State v. Raymond R. Barton, 2019AP1990, 9/24/20, District 4 (one-judge decision; ineligible for publication); case activity (including briefs)

Barton was convicted at trial of three counts involving battery of his adult stepson. He argues the trial court should have granted the mistrial he asked for when his daughter testified she was afraid that something had happened because “things had happened before.” He also asserts the court should have instructed the jury on self-defense. The court of appeals rejects both arguments.

Regarding the daughter’s statement, the court of appeals notes that the prosecutor said he’d told all witnesses not to talk any past acts by Barton. Concluding the defense mistrial response was not the result of the prosecutor’s “overreaching or laxness,” the court of appeals notes that it is required to give great deference to the trial court’s decision. See State v Bunch, 191 Wis. 2d 501, 507, 529 N.W.2d 923 (Ct. App. 1995). Basically, the trial court determined that the stray remark wasn’t very significant in light of the trial testimony, and the court of appeals observes that the “things” that may have “happened” weren’t described as being violent acts, or even acts by Barton. The court of appeals also notes that the question isn’t the admissibility of the daughter’s testimony under Sullivan or any other rule: Barton didn’t move to strike it and the state didn’t argue it was admissible. The only question was whether mistrial was the right remedy for its introduction, and the appellate court finds reasonable the trial court’s determination that it was not.

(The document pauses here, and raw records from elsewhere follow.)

Lemma close_point_distinct_image x R e : K x -> 0 < R -> 0 < e ->
  exists x', (K x' /\ dX x x' < R / 4) /\ 0 < dY (f x) (f x') /\ dY (f x) (f x') < e.
Proof.
  intros Kx hR he. destruct (fcont x e he) as [eta [heta Heta]].
  destruct (bad_not_locally_constant x (Rmin eta (R / 4)) Kx) as [x' [Kx' [hd hne]]].
  { apply Rmin_glb_lt; lra. }
  pose proof (Rmin_l eta (R / 4)). pose proof (Rmin_r eta (R / 4)).
  exists x'. split; [split; [auto | lra] |]. split.
  - apply (d_pos_neq dY hdY). auto.
  - apply Heta. lra.
Qed.

(* Near any point x' of K there is an escaping sequence of K whose images
   converge quickly, from outside, to a point y close to f x': it comes
   from a witness that f is not closed on a small ball around x'. *)
Lemma escaping_sequence x' b s : K x' -> 0 < b -> 0 < s ->
  exists (c : nat -> X) (y : Y),
   (forall n, K (c n) /\ dX x' (c n) <= s /\ dY (f x') (f (c n)) < b) /\
   dY (f x') y <= b /\
   (forall n, 0 < dY y (f (c n)) /\ dY y (f (c n)) < / INR (S n)) /\
   (forall n, dY y (f (c (S n))) < dY y (f (c n)) / 4) /\
   escapes dX c.
Proof.
  intros Kx' hb hs. destruct (fcont x' b hb) as [eta [heta Heta]].
  set (r := Rmin (eta / 2) s).
  assert (hr : 0 < r) by (apply Rmin_glb_lt; lra).
  assert (hr1 : r <= eta / 2) by apply Rmin_l. assert (hr2 : r <= s) by apply Rmin_r.
  pose proof (Hbad x' Kx' r hr) as hn. unfold mclosed_on in hn.
  apply not_all_ex_not in hn. destruct hn as [C hC].
  apply imply_to_and in hC. destruct hC as [hCZ hC].
  apply imply_to_and in hC. destruct hC as [hCc hC].
  destruct (not_mclosed dY _ hC) as [y [hy happ]].
  assert (near : forall c, C c -> dY (f x') (f c) < b).
  { intros c Cc. apply Heta. destruct (hCZ c Cc). lra. }
  assert (pick : forall e, 0 < e -> exists c, C c /\ 0 < dY y (f c) /\ dY y (f c) < e).
  { intros e he. destruct (happ e he) as [y' [hy' [c [Cc <-]]]].
    exists c. split; auto. split; auto. apply (d_pos_neq dY hdY).
    intros heq. apply hy. exists c. auto. }
  destruct (fast_decreasing_seq C (fun c => dY y (f c)) 1 Rlt_0_1 pick)
    as [cs [hcs [_ hdec]]].
  exists cs, y. split; [| split; [| split; [| split]]].
  - intros n. destruct (hcs n) as [Cn _]. destruct (hCZ _ Cn) as [h1 h2].
    split; auto. split; [lra | apply near; auto].
  - apply Rnot_lt_le. intros hlt.
    destruct (pick (dY (f x') y - b)) as [c [Cc [_ hc]]]; [lra |].
    pose proof (near c Cc). triY (f x') (f c) y.
    rewrite (d_sym dY hdY (f c) y) in T. lra.
  - intros n. apply hcs.
  - exact hdec.
  - apply (escapes_of_image_limit C cs y hCc); auto; intros n; apply hcs.
Qed.

(* The contradiction comes from a tree of points of K indexed by finite
   lists of pairs (m, n).  Each node carries a centre in K, a radius in X
   containing the centres of all its descendants, and a radius in Y
   containing their images. *)
Record node := mknode { ctr : X; yrad : R; xrad : R }.

Definition node_ok (a : node) : Prop := K (ctr a) /\ 0 < yrad a /\ 0 < xrad a.

Record children_spec (a : node) (ch : nat -> nat -> node) (ys : nat -> Y) : Prop := {
  ch_ok : forall m n, node_ok (ch m n);
  ch_xnest : forall m n, dX (ctr a) (ctr (ch m n)) + xrad (ch m n) <= xrad a;
  ch_xsmall : forall m n, xrad (ch m n) <= / INR (S n);
  ch_ynest : forall m n, dY (f (ctr a)) (f (ctr (ch m n))) + yrad (ch m n) <= yrad a;
  ch_sep : forall m n m' n', (m <> m' \/ n <> n') ->
    yrad (ch m n) + yrad (ch m' n') < dY (f (ctr (ch m n))) (f (ctr (ch m' n')));
  ch_far_parent : forall m n, yrad (ch m n) < dY (f (ctr a)) (f (ctr (ch m n)));
  ys_near : forall m, dY (f (ctr a)) (ys m) < yrad a;
  ys_sep : forall m, exists e, 0 < e /\ e <= dY (ys m) (f (ctr a)) /\
    (forall m' n', m' <> m -> yrad (ch m' n') + e <= dY (ys m) (f (ctr (ch m' n'))));
  ys_outside : forall m n, yrad (ch m n) < dY (ys m) (f (ctr (ch m n)));
  ys_limit : forall m e, 0 < e -> exists n, dY (ys m) (f (ctr (ch m n))) < e;
  ys_converge : forall e, 0 < e -> exists m, dY (f (ctr a)) (ys m) < e;
  ch_escape : forall m, escapes dX (fun n => ctr (ch m n))
}.

Section Children.
Variables (x : X) (dl Rr : R) (xs : nat -> X) (c : nat -> nat -> X) (y : nat -> Y).

Let bb m := dY (f x) (f (xs m)).
Let aa m n := dY (y m) (f (c m n)).

Hypothesis hRr : 0 < Rr.
Hypothesis hxs : forall m, dX x (xs m) < Rr / 4.
Hypothesis bpos : forall m, 0 < bb m.
Hypothesis bsmall : forall m, bb m < / INR (S m).
Hypothesis b0 : bb 0%nat < dl / 2.
Hypothesis bdec : forall m, bb (S m) < bb m / 4.
Hypothesis hc : forall m n,
  K (c m n) /\ dX (xs m) (c m n) <= Rr / 8 /\ dY (f (xs m)) (f (c m n)) < bb m / 8.
Hypothesis hy : forall m, dY (f (xs m)) (y m) <= bb m / 8.
Hypothesis apos : forall m n, 0 < aa m n /\ aa m n < / INR (S n).
Hypothesis adec : forall m n, aa m (S n) < aa m n / 4.
Hypothesis cesc : forall m, escapes dX (c m).

Definition children m n := mknode (c m n) (aa m n / 4) (Rmin (Rr / 2) (/ INR (S n))).

Lemma bb_order m m' : (m < m')%nat -> bb m' < bb m / 4.
Proof. apply quarter_decay_lt; auto. Qed.

Lemma bb_bound m : bb m < dl / 2.
Proof.
  pose proof (quarter_decay_le bb bpos bdec 0%nat m ltac:(lia)). lra.
Qed.

Lemma aa_order m n n' : (n < n')%nat -> aa m n' < aa m n / 4.
Proof. apply quarter_decay_lt; [intros k; apply apos | apply adec]. Qed.

Lemma c_annulus m n :
  7 * bb m / 8 < dY (f x) (f (c m n)) /\ dY (f x) (f (c m n)) < 9 * bb m / 8.
Proof.
  destruct (hc m n) as [_ [_ h]]. unfold bb in *.
  triY (f x) (f (xs m)) (f (c m n)). triY (f x) (f (c m n)) (f (xs m)).
  rewrite (d_sym dY hdY (f (c m n)) (f (xs m))) in T0. split; lra.
Qed.

Lemma y_annulus m : 7 * bb m / 8 <= dY (f x) (y m) /\ dY (f x) (y m) <= 9 * bb m / 8.
Proof.
  pose proof (hy m) as h. unfold bb in *.
  triY (f x) (f (xs m)) (y m). triY (f x) (y m) (f (xs m)).
  rewrite (d_sym dY hdY (y m) (f (xs m))) in T0. split; lra.
Qed.

Lemma aa_bound m n : aa m n <= bb m / 4.
Proof.
  destruct (hc m n) as [_ [_ h]]. pose proof (hy m) as h2. unfold aa, bb in *.
  triY (y m) (f (xs m)) (f (c m n)). rewrite (d_sym dY hdY (y m) (f (xs m))) in T. lra.
Qed.

(* Children with different m lie in different annuli; children with the
   same m are separated because aa m decreases geometrically. *)
Lemma children_separated m n m' n' : (m <> m' \/ n <> n') ->
  aa m n / 4 + aa m' n' / 4 < dY (f (c m n)) (f (c m' n')).
Proof.
  intros hne.
  pose proof (c_annulus m n). pose proof (c_annulus m' n').
  pose proof (aa_bound m n). pose proof (aa_bound m' n').
  pose proof (apos m n). pose proof (apos m' n').
  destruct (Compare_dec.lt_eq_lt_dec m m') as [[hlt | heq] | hgt].
  - pose proof (bb_order _ _ hlt). pose proof (bpos m').
    triY (f x) (f (c m' n')) (f (c m n)).
    rewrite (d_sym dY hdY (f (c m' n')) (f (c m n))) in T. lra.
  - subst m'. assert (hn : n <> n') by tauto. unfold aa in *.
    destruct (Nat.lt_gt_cases n n') as [[hlt | hlt] _]; auto.
    + pose proof (aa_order m _ _ hlt). unfold aa in *.
      triY (y m) (f (c m n')) (f (c m n)).
      rewrite (d_sym dY hdY (f (c m n')) (f (c m n))) in T. lra.
    + pose proof (aa_order m _ _ hlt). unfold aa in *.
      triY (y m) (f (c m n)) (f (c m n')). lra.
  - pose proof (bb_order _ _ hgt). pose proof (bpos m).
    triY (f x) (f (c m n)) (f (c m' n')). lra.
Qed.

Lemma y_separated m m' n' : m' <> m -> aa m' n' / 4 + bb m / 2 <= dY (y m) (f (c m' n')).
Proof.
  intros hne. pose proof (c_annulus m' n'). pose proof (y_annulus m).
  pose proof (aa_bound m' n'). pose proof (bpos m'). pose proof (bpos m).
  destruct (Nat.lt_gt_cases m' m) as [[hlt | hlt] _]; auto;
    pose proof (bb_order _ _ hlt).
  - triY (f x) (y m) (f (c m' n')). lra.
  - triY (f x) (f (c m' n')) (y m). rewrite (d_sym dY hdY (f (c m' n')) (y m)) in T. lra.
Qed.

Lemma children_correct :
  children_spec (mknode x dl Rr) children y.
Proof.
  constructor; unfold children; cbn [ctr yrad xrad].
  - intros m n. unfold node_ok; cbn [ctr yrad xrad].
    split; [apply hc |]. split; [pose proof (apos m n); lra |].
    apply Rmin_glb_lt; [lra | apply inv_pos].
  - intros m n. destruct (hc m n) as [_ [h _]]. pose proof (hxs m).
    triX x (xs m) (c m n). pose proof (Rmin_l (Rr / 2) (/ INR (S n))). lra.
  - intros m n. apply Rmin_r.
  - intros m n. pose proof (c_annulus m n). pose proof (aa_bound m n).
    pose proof (bb_bound m). lra.
  - apply children_separated.
  - intros m n. pose proof (c_annulus m n). pose proof (aa_bound m n).
    pose proof (bpos m). lra.
  - intros m. pose proof (y_annulus m). pose proof (bb_bound m). lra.
  - intros m. exists (bb m / 2). pose proof (bpos m). split; [lra | split].
    + pose proof (y_annulus m). rewrite (d_sym dY hdY (y m) (f x)). lra.
    + intros m' n' hne. apply y_separated; auto.
  - intros m n. pose proof (apos m n). unfold aa in *. lra.
  - intros m e he. destruct (inv_tail e he) as [N HN]. exists N.
    pose proof (apos m N). pose proof (HN N (le_n _)). unfold aa in *. lra.
  - intros e he. destruct (inv_tail (8 * e / 9)) as [N HN]; [lra |]. exists N.
    pose proof (HN N (le_n _)). pose proof (y_annulus N). pose proof (bsmall N). lra.
  - intros m. apply cesc.
Qed.

End Children.

Lemma children_exist a : node_ok a -> exists ch ys, children_spec a ch ys.
Proof.
  destruct a as [x dl Rr]. intros [Kx [hdl hRr]]. cbn [ctr yrad xrad] in *.
  destruct (fast_decreasing_seq (fun x' => K x' /\ dX x x' < Rr / 4)
              (fun x' => dY (f x) (f x')) (dl / 2)) as [xs [hxs [hxs0 hxsdec]]];
    [lra | intros e he; apply close_point_distinct_image; auto |].
  set (bb := fun m => dY (f x) (f (xs m))).
  assert (fam : forall m, exists cy : (nat -> X) * Y,
    (forall n, K (fst cy n) /\ dX (xs m) (fst cy n) <= Rr / 8 /\
               dY (f (xs m)) (f (fst cy n)) < bb m / 8) /\
    dY (f (xs m)) (snd cy) <= bb m / 8 /\
    (forall n, 0 < dY (snd cy) (f (fst cy n)) /\ dY (snd cy) (f (fst cy n)) < / INR (S n)) /\
    (forall n, dY (snd cy) (f (fst cy (S n))) < dY (snd cy) (f (fst cy n)) / 4) /\
    escapes dX (fst cy)).
  { intros m. destruct (hxs m) as [[Kxm _] [hbm _]].
    destruct (escaping_sequence (xs m) (bb m / 8) (Rr / 8) Kxm) as [c [y hcy]];
      [unfold bb; lra | lra |].
    exists (c, y). exact hcy. }
  destruct (choice _ fam) as [cy hcy].
  exists (children Rr (fun m => fst (cy m)) (fun m => snd (cy m))), (fun m => snd (cy m)).
  apply (children_correct x dl Rr xs); auto; intros m; try apply hcy; try apply hxs.
Qed.

Lemma children_choice : exists step : node -> (nat -> nat -> node) * (nat -> Y),
  forall a, node_ok a -> children_spec a (fst (step a)) (snd (step a)).
Proof.
  apply (choice (fun a p => node_ok a -> children_spec a (fst p) (snd p))). intros a.
  destruct (classic (node_ok a)) as [ha | ha].
  - destruct (children_exist a ha) as [ch [ys h]]. exists (ch, ys). auto.
  - exists (fun _ _ => a, fun _ => f (ctr a)). intros h. contradiction.
Qed.

Definition tree (step : node -> (nat -> nat -> node) * (nat -> Y)) (root : node)
  : list (nat * nat) -> node :=
  fix go l := match l with nil => root | p :: l' => fst (step (go l')) (fst p) (snd p) end.

Definition pair_dec : forall p q : nat * nat, {p = q} + {p <> q}.
Proof. decide equality; apply Nat.eq_dec. Defined.

Section Tree.
Variables (N : list (nat * nat) -> node) (ch : list (nat * nat) -> nat -> nat -> node)
  (ys : list (nat * nat) -> nat -> Y).
Hypothesis N_cons : forall m n l, N ((m, n) :: l) = ch l m n.
Hypothesis N_ok : forall l, node_ok (N l).
Hypothesis N_spec : forall l, children_spec (N l) (ch l) (ys l).

Lemma descendant_nested s l :
  dX (ctr (N s)) (ctr (N (l ++ s))) + xrad (N (l ++ s)) <= xrad (N s) /\
  dY (f (ctr (N s))) (f (ctr (N (l ++ s)))) + yrad (N (l ++ s)) <= yrad (N s).
Proof.
  induction l as [| [m n] l [IH1 IH2]].
  - simpl. rewrite (d_refl dX hdX), (d_refl dY hdY). lra.
  - rewrite <- app_comm_cons, N_cons.
    pose proof (ch_xnest _ _ _ (N_spec (l ++ s)) m n).
    pose proof (ch_ynest _ _ _ (N_spec (l ++ s)) m n).
    triX (ctr (N s)) (ctr (N (l ++ s))) (ctr (ch (l ++ s) m n)).
    triY (f (ctr (N s))) (f (ctr (N (l ++ s)))) (f (ctr (ch (l ++ s) m n))). split; lra.
Qed.

Lemma descendant_image_close s l :
  dY (f (ctr (N s))) (f (ctr (N (l ++ s)))) <= yrad (N s).
Proof.
  destruct (descendant_nested s l) as [_ h]. destruct (N_ok (l ++ s)) as [_ [h2 _]]. lra.
Qed.

(* The image of a node that is not a descendant of u lies outside the Y-ball
   of u: sibling balls are disjoint and each child avoids its parent. *)
Lemma non_descendant_far u v :
  (exists l, v = l ++ u) \/ yrad (N u) < dY (f (ctr (N u))) (f (ctr (N v))).
Proof.
  revert v. induction u as [| [m n] w IH]; intros v.
  { left. exists v. rewrite app_nil_r. auto. }
  destruct (IH v) as [[l ->] | h].
  - destruct (list_eq_dec pair_dec l nil) as [-> | hne].
    + right. cbn [app]. rewrite N_cons, (d_sym dY hdY).
      apply (ch_far_parent _ _ _ (N_spec w)).
    + destruct (exists_last hne) as [l' [[m' n'] ->]].
      rewrite <- app_assoc. cbn [app].
      destruct (pair_dec (m', n') (m, n)) as [heq | hne2].
      { left. exists l'. rewrite heq. auto. }
      right. assert (hmn : m <> m' \/ n <> n').
      { destruct (Nat.eq_dec m m'); [subst; right; intros ->; apply hne2; auto | left; auto]. }
      pose proof (ch_sep _ _ _ (N_spec w) m n m' n' hmn).
      pose proof (descendant_image_close ((m', n') :: w) l'). rewrite !N_cons in *.
      destruct (N_ok (l' ++ (m', n') :: w)) as [_ [hp _]].
      triY (f (ctr (ch w m n))) (f (ctr (N (l' ++ (m', n') :: w)))) (f (ctr (ch w m' n'))).
      rewrite (d_sym dY hdY (f (ctr (N (l' ++ (m', n') :: w)))) (f (ctr (ch w m' n')))) in T.
      lra.
  - right. pose proof (descendant_image_close w ((m, n) :: nil)).
    cbn [app] in H. rewrite N_cons in *.
    triY (f (ctr (N w))) (f (ctr (ch w m n))) (f (ctr (N v))).
    pose proof (ch_ynest _ _ _ (N_spec w) m n). lra.
Qed.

As to the denial of the self-defense instruction, the court of appeals concludes with the circuit court that there was not even “some evidence” that would support it, citing State v. Stietz, 2017 WI 58, ¶¶15-17, 375 Wis. 2d 572, 895 N.W.2d 796:

Beginning with E.M.’s profane interjection, Barton fails to point to any evidence supporting a reasonable inference that this interjection could have led Barton to believe that there was an imminent threat to his person. It is true that using this profanity was against a “house rule” and was known to anger Barton. Further, a jury could certainly find that interrupting an argument from another room was highly annoying in itself. It is reasonable on these facts for Barton to argue that E.M. intended to provoke an emotional reaction in him. But it is too great a leap to contend that this could have reasonably given rise to a belief by Barton that he was in imminent physical danger. E.M. made the interjection from another room and did not present himself after making it. Barton had to go looking for him. Further, the interjection did not carry any explicit physical threat.

Adding E.M.’s second statement, “I’m right here,” does not meaningfully alter the picture. It is a stretch to argue, as Barton does, that he could reasonably have interpreted “I’m right here,” coming shortly after the profane interjection, as an invitation to engage in a mutual fight. But even assuming that much, Barton fails to explain why he could not simply have declined the purported invitation. There is not a reasonable inference that could be drawn from E.M. saying, “I’m right here,” that Barton could have had a reasonable belief that E.M. planned to attack Barton, requiring Barton to restrain him, much less preemptively attack him.

(¶¶20-21).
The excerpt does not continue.